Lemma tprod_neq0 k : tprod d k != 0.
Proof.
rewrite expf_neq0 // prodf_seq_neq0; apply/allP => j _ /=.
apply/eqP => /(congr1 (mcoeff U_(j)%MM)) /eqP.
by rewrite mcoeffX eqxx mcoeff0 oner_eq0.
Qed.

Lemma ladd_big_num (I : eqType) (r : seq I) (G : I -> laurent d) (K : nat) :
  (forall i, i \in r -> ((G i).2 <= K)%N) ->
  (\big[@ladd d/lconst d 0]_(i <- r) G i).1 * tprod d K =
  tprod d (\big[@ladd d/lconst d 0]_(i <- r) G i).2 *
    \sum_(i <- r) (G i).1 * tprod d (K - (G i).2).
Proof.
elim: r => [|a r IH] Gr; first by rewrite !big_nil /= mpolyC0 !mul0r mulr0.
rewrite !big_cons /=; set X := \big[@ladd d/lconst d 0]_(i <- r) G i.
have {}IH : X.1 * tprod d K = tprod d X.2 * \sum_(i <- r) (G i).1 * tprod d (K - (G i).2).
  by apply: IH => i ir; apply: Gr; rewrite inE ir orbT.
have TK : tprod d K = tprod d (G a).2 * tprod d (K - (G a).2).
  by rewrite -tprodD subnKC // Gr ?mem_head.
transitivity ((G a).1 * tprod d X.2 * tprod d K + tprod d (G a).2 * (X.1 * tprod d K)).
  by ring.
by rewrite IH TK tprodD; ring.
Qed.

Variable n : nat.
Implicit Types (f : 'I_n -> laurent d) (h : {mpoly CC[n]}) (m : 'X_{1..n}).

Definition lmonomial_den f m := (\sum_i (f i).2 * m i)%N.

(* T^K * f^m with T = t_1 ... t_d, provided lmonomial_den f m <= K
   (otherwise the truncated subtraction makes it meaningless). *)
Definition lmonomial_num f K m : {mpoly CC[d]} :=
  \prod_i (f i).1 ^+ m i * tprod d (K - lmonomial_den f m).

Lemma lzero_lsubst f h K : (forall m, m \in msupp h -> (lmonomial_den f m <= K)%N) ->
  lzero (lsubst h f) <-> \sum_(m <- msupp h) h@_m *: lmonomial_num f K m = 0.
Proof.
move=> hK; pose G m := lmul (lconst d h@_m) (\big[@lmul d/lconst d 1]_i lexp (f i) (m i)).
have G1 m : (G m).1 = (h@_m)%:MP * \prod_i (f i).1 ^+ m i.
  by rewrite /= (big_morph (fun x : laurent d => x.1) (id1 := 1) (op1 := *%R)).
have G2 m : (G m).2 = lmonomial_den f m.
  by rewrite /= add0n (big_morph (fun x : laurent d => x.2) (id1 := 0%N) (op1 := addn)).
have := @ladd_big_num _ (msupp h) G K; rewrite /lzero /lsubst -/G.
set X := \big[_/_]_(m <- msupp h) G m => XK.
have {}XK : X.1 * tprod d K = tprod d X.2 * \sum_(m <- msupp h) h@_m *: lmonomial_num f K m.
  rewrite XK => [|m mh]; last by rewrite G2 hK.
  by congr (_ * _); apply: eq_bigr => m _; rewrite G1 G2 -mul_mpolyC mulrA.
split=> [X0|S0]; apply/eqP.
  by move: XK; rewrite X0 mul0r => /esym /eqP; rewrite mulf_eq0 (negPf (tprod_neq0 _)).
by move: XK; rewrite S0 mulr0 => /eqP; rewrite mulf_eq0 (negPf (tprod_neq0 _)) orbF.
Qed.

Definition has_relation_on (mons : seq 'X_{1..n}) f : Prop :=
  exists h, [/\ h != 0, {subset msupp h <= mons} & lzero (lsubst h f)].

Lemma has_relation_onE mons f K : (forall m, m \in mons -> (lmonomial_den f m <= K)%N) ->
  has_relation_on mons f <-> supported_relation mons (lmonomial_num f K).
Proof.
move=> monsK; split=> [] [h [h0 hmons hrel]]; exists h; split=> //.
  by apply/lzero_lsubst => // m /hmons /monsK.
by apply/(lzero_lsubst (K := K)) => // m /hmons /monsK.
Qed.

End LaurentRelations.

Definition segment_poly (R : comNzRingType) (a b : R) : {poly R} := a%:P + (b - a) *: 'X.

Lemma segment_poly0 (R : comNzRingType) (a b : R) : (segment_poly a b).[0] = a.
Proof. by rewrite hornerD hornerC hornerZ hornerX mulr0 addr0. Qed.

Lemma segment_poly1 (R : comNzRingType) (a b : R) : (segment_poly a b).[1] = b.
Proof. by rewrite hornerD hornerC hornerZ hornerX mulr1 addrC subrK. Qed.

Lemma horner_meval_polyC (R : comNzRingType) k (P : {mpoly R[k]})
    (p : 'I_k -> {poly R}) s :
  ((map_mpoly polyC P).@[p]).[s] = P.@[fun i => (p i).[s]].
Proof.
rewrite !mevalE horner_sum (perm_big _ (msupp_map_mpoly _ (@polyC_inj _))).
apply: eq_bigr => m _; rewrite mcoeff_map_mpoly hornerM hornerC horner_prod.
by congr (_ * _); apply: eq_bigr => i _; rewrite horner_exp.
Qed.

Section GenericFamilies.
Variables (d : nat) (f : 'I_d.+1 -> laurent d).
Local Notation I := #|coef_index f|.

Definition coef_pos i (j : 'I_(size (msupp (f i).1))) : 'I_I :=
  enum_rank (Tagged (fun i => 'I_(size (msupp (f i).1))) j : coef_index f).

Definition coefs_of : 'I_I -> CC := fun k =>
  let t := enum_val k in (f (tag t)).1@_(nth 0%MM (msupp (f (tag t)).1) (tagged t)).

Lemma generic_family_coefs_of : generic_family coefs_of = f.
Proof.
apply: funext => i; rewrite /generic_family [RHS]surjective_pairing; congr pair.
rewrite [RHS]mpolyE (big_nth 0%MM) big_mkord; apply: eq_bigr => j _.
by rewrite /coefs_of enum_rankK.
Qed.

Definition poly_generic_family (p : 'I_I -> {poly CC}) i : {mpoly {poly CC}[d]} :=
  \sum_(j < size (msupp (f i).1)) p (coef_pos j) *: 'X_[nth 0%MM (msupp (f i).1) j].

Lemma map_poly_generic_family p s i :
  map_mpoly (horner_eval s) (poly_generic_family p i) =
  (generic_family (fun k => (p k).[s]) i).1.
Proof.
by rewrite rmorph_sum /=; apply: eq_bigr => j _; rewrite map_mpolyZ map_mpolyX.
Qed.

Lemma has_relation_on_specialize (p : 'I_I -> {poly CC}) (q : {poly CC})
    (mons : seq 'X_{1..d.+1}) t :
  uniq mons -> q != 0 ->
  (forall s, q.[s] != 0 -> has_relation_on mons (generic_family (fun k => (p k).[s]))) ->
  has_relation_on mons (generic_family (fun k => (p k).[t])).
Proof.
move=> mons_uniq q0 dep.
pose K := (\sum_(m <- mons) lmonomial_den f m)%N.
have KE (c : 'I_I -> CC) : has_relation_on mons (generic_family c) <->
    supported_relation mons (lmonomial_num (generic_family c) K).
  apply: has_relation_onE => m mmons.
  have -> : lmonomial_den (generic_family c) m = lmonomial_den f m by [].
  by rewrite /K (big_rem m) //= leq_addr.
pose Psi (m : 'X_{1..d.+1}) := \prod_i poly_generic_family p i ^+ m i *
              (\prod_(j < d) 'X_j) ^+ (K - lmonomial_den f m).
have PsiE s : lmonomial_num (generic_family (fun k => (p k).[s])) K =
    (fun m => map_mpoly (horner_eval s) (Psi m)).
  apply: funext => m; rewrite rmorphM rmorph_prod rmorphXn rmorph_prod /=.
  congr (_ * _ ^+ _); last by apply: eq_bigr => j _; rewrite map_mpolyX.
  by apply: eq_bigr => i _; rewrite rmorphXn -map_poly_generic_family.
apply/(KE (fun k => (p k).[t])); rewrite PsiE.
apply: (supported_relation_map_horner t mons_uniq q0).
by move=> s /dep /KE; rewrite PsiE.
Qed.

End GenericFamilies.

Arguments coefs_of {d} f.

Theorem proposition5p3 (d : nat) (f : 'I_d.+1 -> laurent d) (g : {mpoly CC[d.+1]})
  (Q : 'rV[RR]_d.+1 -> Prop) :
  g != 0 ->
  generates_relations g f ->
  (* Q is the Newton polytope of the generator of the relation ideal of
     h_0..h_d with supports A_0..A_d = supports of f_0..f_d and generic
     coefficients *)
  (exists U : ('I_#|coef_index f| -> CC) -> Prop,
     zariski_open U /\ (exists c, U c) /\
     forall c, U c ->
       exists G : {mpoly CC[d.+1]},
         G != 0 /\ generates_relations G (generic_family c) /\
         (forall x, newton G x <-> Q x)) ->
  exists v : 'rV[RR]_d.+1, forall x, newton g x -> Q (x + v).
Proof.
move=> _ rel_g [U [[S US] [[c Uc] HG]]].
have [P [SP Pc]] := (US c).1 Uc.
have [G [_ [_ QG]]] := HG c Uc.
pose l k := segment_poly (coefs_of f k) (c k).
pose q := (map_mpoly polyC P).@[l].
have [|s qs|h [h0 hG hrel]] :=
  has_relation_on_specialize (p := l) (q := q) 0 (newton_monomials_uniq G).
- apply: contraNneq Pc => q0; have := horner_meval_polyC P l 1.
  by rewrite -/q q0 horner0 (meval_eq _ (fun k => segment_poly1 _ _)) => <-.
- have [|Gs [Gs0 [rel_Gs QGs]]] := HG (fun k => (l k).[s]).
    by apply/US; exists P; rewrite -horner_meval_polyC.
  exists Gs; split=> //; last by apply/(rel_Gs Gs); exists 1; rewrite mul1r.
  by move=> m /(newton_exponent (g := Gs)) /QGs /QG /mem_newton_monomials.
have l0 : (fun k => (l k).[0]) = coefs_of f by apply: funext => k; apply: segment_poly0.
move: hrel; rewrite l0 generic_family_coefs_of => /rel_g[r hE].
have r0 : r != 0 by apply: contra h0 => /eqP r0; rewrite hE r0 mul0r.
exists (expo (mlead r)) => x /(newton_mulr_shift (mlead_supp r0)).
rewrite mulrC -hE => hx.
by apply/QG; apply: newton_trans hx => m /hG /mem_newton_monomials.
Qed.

◇ ◇ ◇ ◇

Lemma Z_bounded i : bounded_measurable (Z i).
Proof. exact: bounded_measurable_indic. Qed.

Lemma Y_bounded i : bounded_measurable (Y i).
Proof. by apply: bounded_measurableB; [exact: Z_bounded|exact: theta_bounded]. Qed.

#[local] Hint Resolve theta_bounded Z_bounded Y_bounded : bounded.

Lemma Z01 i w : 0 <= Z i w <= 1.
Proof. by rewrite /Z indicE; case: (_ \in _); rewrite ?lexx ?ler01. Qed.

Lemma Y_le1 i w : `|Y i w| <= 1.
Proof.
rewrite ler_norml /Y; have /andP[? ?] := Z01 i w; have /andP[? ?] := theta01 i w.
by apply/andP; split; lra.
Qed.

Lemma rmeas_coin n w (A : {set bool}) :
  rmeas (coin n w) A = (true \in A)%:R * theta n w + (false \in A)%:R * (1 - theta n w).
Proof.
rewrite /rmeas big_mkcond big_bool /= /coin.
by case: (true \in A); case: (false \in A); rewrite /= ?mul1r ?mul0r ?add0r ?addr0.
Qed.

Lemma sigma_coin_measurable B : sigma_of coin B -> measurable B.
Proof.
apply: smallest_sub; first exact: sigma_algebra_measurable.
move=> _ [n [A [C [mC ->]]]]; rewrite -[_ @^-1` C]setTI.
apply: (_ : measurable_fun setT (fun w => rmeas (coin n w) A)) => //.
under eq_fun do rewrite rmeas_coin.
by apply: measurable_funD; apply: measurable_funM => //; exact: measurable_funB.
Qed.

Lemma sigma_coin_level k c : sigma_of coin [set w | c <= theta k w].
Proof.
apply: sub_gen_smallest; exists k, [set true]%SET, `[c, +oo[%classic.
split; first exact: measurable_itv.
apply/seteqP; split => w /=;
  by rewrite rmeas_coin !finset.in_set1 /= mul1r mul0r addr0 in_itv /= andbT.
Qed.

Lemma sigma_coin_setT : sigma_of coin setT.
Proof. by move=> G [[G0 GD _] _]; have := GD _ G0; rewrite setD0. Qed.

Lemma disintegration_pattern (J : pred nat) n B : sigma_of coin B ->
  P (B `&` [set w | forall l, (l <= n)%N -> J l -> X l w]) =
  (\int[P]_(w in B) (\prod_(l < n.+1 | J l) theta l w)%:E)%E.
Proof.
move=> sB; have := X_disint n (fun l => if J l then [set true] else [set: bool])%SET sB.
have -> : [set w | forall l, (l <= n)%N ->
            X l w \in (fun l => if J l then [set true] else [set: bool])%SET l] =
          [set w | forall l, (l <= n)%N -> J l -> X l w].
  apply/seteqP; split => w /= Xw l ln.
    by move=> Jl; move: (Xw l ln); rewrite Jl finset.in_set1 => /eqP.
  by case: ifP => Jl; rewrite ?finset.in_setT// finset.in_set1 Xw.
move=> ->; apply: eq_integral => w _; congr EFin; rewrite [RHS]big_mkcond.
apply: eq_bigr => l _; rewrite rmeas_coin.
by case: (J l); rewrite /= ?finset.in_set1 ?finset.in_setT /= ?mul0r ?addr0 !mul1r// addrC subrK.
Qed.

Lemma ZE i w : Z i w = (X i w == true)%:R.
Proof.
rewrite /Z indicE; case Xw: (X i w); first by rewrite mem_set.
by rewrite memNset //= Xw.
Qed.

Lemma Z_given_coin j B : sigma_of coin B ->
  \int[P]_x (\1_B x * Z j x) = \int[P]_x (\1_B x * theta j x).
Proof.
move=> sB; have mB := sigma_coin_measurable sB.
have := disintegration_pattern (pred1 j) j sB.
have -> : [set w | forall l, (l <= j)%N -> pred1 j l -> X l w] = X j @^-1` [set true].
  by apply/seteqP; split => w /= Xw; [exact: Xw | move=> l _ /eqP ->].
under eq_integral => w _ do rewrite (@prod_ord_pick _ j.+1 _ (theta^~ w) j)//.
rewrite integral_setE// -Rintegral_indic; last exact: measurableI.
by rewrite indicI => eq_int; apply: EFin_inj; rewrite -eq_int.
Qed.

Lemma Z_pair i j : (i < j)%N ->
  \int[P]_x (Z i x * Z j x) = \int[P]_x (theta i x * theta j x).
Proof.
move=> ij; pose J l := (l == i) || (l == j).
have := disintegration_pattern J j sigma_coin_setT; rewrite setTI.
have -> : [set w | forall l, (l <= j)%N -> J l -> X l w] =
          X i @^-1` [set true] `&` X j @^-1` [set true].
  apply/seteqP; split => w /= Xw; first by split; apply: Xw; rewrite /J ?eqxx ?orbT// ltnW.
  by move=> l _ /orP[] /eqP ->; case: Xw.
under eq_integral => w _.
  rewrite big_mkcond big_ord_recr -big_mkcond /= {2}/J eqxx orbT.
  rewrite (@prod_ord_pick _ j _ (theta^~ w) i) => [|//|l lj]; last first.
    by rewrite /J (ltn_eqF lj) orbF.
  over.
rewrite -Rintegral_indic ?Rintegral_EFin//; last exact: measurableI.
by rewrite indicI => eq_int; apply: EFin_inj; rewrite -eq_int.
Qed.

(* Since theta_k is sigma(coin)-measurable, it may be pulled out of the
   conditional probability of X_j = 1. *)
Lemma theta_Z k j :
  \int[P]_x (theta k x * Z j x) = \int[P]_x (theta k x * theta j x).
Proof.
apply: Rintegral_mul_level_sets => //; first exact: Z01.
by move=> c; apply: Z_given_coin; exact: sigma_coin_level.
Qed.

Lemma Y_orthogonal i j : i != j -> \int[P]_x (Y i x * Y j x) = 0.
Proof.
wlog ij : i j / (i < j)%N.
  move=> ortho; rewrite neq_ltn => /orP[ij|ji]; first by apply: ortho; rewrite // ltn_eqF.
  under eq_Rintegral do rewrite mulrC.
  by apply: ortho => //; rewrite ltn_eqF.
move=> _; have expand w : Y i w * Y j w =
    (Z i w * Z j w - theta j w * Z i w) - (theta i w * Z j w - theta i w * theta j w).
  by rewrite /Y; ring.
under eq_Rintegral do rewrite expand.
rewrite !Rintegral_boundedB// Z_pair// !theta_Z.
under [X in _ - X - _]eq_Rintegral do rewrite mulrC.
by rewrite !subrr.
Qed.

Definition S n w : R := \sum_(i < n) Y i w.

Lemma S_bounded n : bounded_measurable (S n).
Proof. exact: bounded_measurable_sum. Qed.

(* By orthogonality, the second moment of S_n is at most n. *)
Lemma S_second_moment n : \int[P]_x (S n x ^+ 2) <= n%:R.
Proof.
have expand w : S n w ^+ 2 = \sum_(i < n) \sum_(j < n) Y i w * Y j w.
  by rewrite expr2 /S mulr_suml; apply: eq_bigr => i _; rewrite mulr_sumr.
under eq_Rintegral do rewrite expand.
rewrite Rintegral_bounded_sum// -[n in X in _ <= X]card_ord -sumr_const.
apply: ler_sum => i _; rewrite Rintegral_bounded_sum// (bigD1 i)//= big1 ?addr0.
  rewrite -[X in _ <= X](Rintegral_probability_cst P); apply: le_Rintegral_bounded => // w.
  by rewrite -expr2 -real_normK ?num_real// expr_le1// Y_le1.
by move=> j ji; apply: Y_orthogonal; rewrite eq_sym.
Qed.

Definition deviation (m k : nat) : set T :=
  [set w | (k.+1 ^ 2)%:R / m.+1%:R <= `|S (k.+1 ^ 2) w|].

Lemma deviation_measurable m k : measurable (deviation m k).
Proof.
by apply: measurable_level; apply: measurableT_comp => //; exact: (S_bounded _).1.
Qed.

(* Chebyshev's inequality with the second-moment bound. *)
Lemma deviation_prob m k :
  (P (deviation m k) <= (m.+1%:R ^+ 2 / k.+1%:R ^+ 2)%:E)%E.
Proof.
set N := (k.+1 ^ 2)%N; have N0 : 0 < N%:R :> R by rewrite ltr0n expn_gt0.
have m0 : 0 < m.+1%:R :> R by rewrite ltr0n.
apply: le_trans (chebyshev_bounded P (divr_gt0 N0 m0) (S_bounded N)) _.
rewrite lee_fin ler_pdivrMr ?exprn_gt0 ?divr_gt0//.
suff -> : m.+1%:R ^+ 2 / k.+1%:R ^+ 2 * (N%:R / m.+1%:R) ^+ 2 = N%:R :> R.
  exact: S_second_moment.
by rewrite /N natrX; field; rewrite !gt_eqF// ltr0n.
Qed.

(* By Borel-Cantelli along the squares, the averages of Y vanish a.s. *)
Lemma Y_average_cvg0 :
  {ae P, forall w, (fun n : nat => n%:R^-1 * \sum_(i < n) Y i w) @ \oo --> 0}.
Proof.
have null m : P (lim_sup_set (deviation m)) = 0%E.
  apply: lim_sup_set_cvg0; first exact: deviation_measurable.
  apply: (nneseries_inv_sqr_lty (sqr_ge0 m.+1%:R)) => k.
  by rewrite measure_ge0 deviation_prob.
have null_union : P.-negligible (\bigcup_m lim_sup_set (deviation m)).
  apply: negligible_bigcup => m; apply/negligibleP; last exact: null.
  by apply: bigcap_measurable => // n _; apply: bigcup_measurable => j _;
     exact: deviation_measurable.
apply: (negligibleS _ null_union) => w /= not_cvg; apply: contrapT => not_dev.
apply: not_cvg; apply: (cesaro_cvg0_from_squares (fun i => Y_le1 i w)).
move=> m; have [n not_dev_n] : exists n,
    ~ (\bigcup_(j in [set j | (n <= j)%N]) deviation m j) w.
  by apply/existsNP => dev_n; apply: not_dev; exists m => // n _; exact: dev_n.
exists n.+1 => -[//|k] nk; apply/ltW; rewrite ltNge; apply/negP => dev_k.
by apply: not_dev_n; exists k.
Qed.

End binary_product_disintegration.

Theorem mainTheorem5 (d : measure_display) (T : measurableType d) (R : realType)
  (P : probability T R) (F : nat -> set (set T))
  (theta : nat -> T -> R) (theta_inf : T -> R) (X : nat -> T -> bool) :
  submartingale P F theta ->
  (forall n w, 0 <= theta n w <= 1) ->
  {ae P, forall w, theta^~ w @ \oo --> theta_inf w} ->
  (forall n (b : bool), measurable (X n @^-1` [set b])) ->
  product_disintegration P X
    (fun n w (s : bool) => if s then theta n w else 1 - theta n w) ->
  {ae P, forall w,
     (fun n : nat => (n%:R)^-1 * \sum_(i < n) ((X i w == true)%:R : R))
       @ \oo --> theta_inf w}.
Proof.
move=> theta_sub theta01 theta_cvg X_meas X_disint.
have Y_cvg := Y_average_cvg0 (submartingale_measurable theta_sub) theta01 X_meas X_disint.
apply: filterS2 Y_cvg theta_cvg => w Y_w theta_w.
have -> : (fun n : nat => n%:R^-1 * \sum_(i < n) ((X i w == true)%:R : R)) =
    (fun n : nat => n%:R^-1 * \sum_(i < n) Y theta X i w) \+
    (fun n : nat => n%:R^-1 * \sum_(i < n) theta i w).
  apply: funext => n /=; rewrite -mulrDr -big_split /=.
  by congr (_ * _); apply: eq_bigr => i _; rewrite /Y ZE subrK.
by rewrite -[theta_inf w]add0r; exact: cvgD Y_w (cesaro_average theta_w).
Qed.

◇ ◇ ◇ ◇

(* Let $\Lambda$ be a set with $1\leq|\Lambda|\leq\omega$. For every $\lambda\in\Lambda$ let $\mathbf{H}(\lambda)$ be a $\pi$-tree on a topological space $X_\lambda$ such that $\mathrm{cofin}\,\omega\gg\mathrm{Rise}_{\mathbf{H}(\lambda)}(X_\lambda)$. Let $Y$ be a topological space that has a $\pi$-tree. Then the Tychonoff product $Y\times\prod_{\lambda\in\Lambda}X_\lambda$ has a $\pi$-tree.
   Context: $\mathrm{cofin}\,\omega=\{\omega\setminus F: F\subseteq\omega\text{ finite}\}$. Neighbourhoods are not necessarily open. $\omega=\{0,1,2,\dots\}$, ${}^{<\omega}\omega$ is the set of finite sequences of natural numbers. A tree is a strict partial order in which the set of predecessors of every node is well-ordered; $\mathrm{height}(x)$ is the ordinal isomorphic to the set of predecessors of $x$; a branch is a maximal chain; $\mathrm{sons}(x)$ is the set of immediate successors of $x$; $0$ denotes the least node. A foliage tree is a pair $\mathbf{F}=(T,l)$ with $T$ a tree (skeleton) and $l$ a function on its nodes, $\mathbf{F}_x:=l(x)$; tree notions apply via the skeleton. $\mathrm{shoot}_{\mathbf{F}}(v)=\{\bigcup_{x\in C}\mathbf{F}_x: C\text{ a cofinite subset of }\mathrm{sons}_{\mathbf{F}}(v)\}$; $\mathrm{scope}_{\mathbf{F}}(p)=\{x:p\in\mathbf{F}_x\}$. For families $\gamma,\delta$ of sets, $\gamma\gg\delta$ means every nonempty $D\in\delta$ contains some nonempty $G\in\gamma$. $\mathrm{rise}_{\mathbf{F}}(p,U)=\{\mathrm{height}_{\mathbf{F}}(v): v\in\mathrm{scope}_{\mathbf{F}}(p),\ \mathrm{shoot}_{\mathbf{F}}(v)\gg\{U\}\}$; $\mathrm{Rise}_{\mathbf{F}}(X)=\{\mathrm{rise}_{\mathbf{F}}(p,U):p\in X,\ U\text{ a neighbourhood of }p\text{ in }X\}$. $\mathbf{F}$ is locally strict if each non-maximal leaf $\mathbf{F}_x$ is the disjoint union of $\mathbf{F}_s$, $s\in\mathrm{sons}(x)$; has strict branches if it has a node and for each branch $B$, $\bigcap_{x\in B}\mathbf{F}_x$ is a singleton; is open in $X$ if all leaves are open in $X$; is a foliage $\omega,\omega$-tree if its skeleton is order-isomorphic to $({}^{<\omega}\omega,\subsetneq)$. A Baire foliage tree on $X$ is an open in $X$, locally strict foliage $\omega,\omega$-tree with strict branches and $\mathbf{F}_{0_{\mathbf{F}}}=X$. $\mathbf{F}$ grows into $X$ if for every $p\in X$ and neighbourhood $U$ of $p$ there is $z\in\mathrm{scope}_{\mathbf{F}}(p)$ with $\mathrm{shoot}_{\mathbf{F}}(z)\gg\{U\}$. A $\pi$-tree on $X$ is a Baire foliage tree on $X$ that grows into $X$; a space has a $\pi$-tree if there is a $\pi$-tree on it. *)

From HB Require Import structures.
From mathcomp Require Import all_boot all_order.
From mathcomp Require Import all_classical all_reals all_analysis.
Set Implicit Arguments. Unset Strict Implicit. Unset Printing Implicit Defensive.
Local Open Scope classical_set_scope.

◇ ◇ ◇ ◇

• YOUR TASK
Set down, unchanged, only those lines above that fall between the line with "Lemma tprod_neq0 k : tprod d k != 0." and the line with "rewrite !big_cons /=;", the two end lines included.

• THE COMPLETED TASK
Lemma tprod_neq0 k : tprod d k != 0.
Proof.
rewrite expf_neq0 // prodf_seq_neq0; apply/allP => j _ /=.
apply/eqP => /(congr1 (mcoeff U_(j)%MM)) /eqP.
by rewrite mcoeffX eqxx mcoeff0 oner_eq0.
Qed.

Lemma ladd_big_num (I : eqType) (r : seq I) (G : I -> laurent d) (K : nat) :
  (forall i, i \in r -> ((G i).2 <= K)%N) ->
  (\big[@ladd d/lconst d 0]_(i <- r) G i).1 * tprod d K =
  tprod d (\big[@ladd d/lconst d 0]_(i <- r) G i).2 *
    \sum_(i <- r) (G i).1 * tprod d (K - (G i).2).
Proof.
elim: r => [|a r IH] Gr; first by rewrite !big_nil /= mpolyC0 !mul0r mulr0.
rewrite !big_cons /=; set X := \big[@ladd d/lconst d 0]_(i <- r) G i.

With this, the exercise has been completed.